**Assignment:** Starting at the top of the entries below, set down every line exactly, please, until you reach the line with "Definition L11 n", which is included too.

━━━━━━

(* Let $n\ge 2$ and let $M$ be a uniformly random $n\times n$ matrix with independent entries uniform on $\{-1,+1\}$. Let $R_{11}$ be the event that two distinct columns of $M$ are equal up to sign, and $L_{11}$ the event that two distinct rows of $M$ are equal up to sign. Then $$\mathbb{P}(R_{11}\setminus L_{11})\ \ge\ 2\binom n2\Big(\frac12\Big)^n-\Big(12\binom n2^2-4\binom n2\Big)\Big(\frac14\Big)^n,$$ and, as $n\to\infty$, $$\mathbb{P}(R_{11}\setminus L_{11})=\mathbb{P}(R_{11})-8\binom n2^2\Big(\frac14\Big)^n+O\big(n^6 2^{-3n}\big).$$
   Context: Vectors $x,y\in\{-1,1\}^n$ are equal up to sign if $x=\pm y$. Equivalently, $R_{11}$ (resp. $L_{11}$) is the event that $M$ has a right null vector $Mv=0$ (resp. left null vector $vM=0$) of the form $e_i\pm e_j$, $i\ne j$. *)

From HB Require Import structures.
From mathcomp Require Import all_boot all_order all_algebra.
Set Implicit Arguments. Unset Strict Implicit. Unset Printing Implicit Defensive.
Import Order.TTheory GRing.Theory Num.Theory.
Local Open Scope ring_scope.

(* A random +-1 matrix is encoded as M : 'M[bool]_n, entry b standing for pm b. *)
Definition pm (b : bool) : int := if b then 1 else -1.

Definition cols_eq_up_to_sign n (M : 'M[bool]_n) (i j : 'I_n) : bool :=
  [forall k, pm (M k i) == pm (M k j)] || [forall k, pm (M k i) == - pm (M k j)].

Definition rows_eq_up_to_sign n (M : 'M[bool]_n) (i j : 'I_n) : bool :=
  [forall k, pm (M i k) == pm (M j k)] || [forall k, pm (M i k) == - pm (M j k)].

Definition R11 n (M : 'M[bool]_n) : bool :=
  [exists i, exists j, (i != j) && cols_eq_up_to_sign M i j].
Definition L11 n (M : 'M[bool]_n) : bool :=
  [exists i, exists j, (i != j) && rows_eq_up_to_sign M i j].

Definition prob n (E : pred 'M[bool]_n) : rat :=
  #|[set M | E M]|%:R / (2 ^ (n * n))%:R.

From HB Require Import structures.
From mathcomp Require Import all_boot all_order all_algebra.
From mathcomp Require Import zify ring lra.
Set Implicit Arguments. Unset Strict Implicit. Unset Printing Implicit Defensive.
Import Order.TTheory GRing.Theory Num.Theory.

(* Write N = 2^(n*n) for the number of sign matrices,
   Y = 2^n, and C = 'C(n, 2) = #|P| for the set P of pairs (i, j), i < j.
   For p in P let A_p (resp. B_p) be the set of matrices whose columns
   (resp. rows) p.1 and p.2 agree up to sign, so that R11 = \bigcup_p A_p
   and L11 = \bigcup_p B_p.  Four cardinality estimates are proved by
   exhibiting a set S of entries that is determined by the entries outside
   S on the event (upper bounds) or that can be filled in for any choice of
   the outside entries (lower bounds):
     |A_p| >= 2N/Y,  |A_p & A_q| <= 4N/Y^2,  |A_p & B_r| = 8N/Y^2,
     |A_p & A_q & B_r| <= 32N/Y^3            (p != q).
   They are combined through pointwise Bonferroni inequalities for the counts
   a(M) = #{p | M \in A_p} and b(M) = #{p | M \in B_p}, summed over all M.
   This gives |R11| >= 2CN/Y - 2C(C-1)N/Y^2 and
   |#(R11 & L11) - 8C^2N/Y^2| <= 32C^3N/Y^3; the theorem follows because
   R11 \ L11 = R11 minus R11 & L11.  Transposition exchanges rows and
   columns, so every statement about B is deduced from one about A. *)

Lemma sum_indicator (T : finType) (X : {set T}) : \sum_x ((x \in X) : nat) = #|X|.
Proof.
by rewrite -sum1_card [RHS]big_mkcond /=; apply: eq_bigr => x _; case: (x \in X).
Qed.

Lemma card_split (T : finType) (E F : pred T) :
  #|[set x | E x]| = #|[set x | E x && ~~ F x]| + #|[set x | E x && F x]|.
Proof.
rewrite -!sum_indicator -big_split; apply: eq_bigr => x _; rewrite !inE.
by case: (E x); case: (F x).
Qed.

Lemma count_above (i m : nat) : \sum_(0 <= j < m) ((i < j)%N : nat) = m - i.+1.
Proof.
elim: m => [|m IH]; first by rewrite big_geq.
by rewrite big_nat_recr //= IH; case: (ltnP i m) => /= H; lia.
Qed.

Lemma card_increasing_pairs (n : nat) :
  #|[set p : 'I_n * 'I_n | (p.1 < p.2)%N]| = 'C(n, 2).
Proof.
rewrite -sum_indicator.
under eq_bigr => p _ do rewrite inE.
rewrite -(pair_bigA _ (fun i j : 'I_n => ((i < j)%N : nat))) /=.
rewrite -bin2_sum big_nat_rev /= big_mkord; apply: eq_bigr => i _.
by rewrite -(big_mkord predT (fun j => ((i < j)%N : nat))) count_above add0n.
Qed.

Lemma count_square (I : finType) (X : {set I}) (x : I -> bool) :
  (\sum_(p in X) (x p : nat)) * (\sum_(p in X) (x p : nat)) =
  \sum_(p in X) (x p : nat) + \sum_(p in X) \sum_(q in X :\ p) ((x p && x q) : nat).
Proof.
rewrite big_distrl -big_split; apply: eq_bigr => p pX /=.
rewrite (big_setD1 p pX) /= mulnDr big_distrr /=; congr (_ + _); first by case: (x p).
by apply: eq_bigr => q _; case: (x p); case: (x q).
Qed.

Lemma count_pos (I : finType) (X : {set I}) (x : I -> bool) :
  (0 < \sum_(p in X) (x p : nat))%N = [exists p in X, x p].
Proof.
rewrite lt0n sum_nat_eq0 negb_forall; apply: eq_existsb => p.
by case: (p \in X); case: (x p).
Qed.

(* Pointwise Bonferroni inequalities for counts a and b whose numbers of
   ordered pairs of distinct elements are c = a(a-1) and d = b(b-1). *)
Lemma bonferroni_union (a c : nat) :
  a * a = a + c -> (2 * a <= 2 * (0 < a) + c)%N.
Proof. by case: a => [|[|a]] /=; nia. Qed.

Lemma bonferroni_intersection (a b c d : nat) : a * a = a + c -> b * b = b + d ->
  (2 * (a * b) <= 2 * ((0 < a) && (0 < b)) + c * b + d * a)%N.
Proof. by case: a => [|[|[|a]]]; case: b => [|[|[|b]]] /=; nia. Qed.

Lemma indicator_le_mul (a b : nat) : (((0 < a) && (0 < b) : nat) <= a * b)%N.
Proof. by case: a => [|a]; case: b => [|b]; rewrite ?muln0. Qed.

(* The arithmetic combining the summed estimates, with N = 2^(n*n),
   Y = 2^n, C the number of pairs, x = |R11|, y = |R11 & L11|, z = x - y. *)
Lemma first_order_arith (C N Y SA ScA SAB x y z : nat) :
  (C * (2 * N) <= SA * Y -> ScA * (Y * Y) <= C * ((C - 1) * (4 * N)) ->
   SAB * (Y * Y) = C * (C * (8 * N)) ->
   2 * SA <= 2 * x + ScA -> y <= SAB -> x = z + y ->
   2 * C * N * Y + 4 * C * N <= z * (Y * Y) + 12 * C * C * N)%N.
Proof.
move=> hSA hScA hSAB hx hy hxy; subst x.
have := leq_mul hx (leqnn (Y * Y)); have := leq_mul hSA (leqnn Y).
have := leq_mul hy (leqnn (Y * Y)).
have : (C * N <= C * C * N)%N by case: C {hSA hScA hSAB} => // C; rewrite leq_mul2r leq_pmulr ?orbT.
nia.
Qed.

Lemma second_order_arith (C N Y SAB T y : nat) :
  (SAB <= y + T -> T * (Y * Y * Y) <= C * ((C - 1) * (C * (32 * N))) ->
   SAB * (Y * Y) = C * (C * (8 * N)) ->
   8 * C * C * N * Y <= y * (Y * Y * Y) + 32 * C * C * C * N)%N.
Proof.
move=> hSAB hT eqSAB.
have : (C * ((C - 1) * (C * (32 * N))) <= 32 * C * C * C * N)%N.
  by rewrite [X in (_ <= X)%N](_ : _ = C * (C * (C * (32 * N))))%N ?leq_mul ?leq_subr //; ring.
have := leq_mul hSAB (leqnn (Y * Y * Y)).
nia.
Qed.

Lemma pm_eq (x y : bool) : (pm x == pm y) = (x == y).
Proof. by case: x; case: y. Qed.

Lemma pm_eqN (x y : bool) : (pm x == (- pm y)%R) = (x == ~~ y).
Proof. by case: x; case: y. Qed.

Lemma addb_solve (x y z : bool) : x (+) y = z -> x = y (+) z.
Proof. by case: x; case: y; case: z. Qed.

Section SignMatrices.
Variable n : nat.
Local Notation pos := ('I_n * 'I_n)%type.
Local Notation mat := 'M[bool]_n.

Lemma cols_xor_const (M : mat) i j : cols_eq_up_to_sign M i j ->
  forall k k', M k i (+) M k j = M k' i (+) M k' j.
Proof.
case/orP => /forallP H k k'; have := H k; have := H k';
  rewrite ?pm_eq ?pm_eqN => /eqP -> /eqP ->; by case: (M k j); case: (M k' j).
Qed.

━━━━━━

**Answer for the task:**
(* Let $n\ge 2$ and let $M$ be a uniformly random $n\times n$ matrix with independent entries uniform on $\{-1,+1\}$. Let $R_{11}$ be the event that two distinct columns of $M$ are equal up to sign, and $L_{11}$ the event that two distinct rows of $M$ are equal up to sign. Then $$\mathbb{P}(R_{11}\setminus L_{11})\ \ge\ 2\binom n2\Big(\frac12\Big)^n-\Big(12\binom n2^2-4\binom n2\Big)\Big(\frac14\Big)^n,$$ and, as $n\to\infty$, $$\mathbb{P}(R_{11}\setminus L_{11})=\mathbb{P}(R_{11})-8\binom n2^2\Big(\frac14\Big)^n+O\big(n^6 2^{-3n}\big).$$
   Context: Vectors $x,y\in\{-1,1\}^n$ are equal up to sign if $x=\pm y$. Equivalently, $R_{11}$ (resp. $L_{11}$) is the event that $M$ has a right null vector $Mv=0$ (resp. left null vector $vM=0$) of the form $e_i\pm e_j$, $i\ne j$. *)

From HB Require Import structures.
From mathcomp Require Import all_boot all_order all_algebra.
Set Implicit Arguments. Unset Strict Implicit. Unset Printing Implicit Defensive.
Import Order.TTheory GRing.Theory Num.Theory.
Local Open Scope ring_scope.

(* A random +-1 matrix is encoded as M : 'M[bool]_n, entry b standing for pm b. *)
Definition pm (b : bool) : int := if b then 1 else -1.

Definition cols_eq_up_to_sign n (M : 'M[bool]_n) (i j : 'I_n) : bool :=
  [forall k, pm (M k i) == pm (M k j)] || [forall k, pm (M k i) == - pm (M k j)].

Definition rows_eq_up_to_sign n (M : 'M[bool]_n) (i j : 'I_n) : bool :=
  [forall k, pm (M i k) == pm (M j k)] || [forall k, pm (M i k) == - pm (M j k)].

Definition R11 n (M : 'M[bool]_n) : bool :=
  [exists i, exists j, (i != j) && cols_eq_up_to_sign M i j].
Definition L11 n (M : 'M[bool]_n) : bool :=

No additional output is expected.